◆ **Material to process**
Lemma corolla_bp comm n : is_bposet comm (corolla comm n).
Proof.
  apply (is_bposet_ext comm _ (gen_rel comm (corolla_gens n))).
  { intros l a; symmetry; apply corolla_rel_iff. }
  apply gen_bp.
  - intros [a|] [b|] Hab Hba; simpl in *; try contradiction; reflexivity.
  - intros x L bs HL; apply (gen_closed_on_minimal comm _ x L bs); [|exact HL].
    intros a Ha; destruct x as [k|]; simpl in HL; [destruct HL|].
    destruct HL as [<-|[]]; destruct (in_corolla_leaves n a Ha) as [k ->]; reflexivity.
Qed.

Lemma corolla_monotone comm n (Q : bposet comm) (h : option (Fin.t n) -> Q) :
  brel (map h (corolla_leaves n)) (h None) -> @monotone (corolla comm n) Q h.
Proof.
  intros Hroot l a Hla; apply corolla_rel_iff in Hla; revert l a Hla.
  apply (gen_monotone comm (corolla_gens n) Q h).
  intros [k|] L HL; simpl in HL; [destruct HL|]; destruct HL as [<-|[]]; exact Hroot.
Qed.

Definition discrete (A : bstr) : Prop := forall (l : list A) (a : A), brel l a -> l = [a].

Definition disc (T : Type) : bstr := BStr T (fun l x => l = [x]).

Lemma disc_bp comm T : is_bposet comm (disc T).
Proof.
  split; [|split; [|split]]; simpl.
  - reflexivity.
  - intros as_ a bs -> HF; apply (concat_single_rel (fun l x => l = [x])), HF.
  - intros a b H _; injection H; auto.
  - intros _ l l' a HP ->; apply Permutation_length_1_inv, HP.
Qed.

Definition disc_bposet comm (T : Type) : bposet comm := BPos comm (disc T) (disc_bp comm T).

Lemma discrete_monotone comm (A : bstr) (Q : bposet comm) (h : A -> Q) :
  discrete A -> monotone h.
Proof. intros HA l a Hla; rewrite (HA l a Hla); apply (bp_ax _ Q). Qed.

(* In a product of corollas of distinct arities (none unary) the leaf words
   can never be matched, so the product is discrete. *)
Lemma corolla_prod_discrete comm m n :
  m <> n -> m <> 1 -> n <> 1 -> discrete (prod_bstr (corolla comm m) (corolla comm n)).
Proof.
  intros Hmn Hm Hn L [a b] [H1 H2]; simpl in H1, H2.
  pose proof (length_corolla_leaves m) as Em; pose proof (length_corolla_leaves n) as En.
  destruct H1 as [H1|[_ H1]], H2 as [H2|[_ H2]].
  - destruct L as [|q [|q' L]]; simpl in H1; try discriminate.
    injection H1 as E1; injection H2 as E2; destruct q; simpl in *; subst; reflexivity.
  - apply (f_equal (@length _)) in H1; apply same_word_length in H2.
    rewrite length_map in H1, H2; simpl in H1; congruence.
  - apply (f_equal (@length _)) in H2; apply same_word_length in H1.
    rewrite length_map in H1, H2; simpl in H2; congruence.
  - apply same_word_length in H1; apply same_word_length in H2.
    rewrite length_map in H1, H2; congruence.
Qed.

◆ **Exercise brief**
Only the lines from the first line of the material above through the line that contains "apply (gen_monotone comm" should be quoted, each one exactly.

◆ **Task solution**
Lemma corolla_bp comm n : is_bposet comm (corolla comm n).
Proof.
  apply (is_bposet_ext comm _ (gen_rel comm (corolla_gens n))).
  { intros l a; symmetry; apply corolla_rel_iff. }
  apply gen_bp.
  - intros [a|] [b|] Hab Hba; simpl in *; try contradiction; reflexivity.
  - intros x L bs HL; apply (gen_closed_on_minimal comm _ x L bs); [|exact HL].
    intros a Ha; destruct x as [k|]; simpl in HL; [destruct HL|].
    destruct HL as [<-|[]]; destruct (in_corolla_leaves n a Ha) as [k ->]; reflexivity.
Qed.

Lemma corolla_monotone comm n (Q : bposet comm) (h : option (Fin.t n) -> Q) :
  brel (map h (corolla_leaves n)) (h None) -> @monotone (corolla comm n) Q h.
Proof.
  intros Hroot l a Hla; apply corolla_rel_iff in Hla; revert l a Hla.
  apply (gen_monotone comm (corolla_gens n) Q h).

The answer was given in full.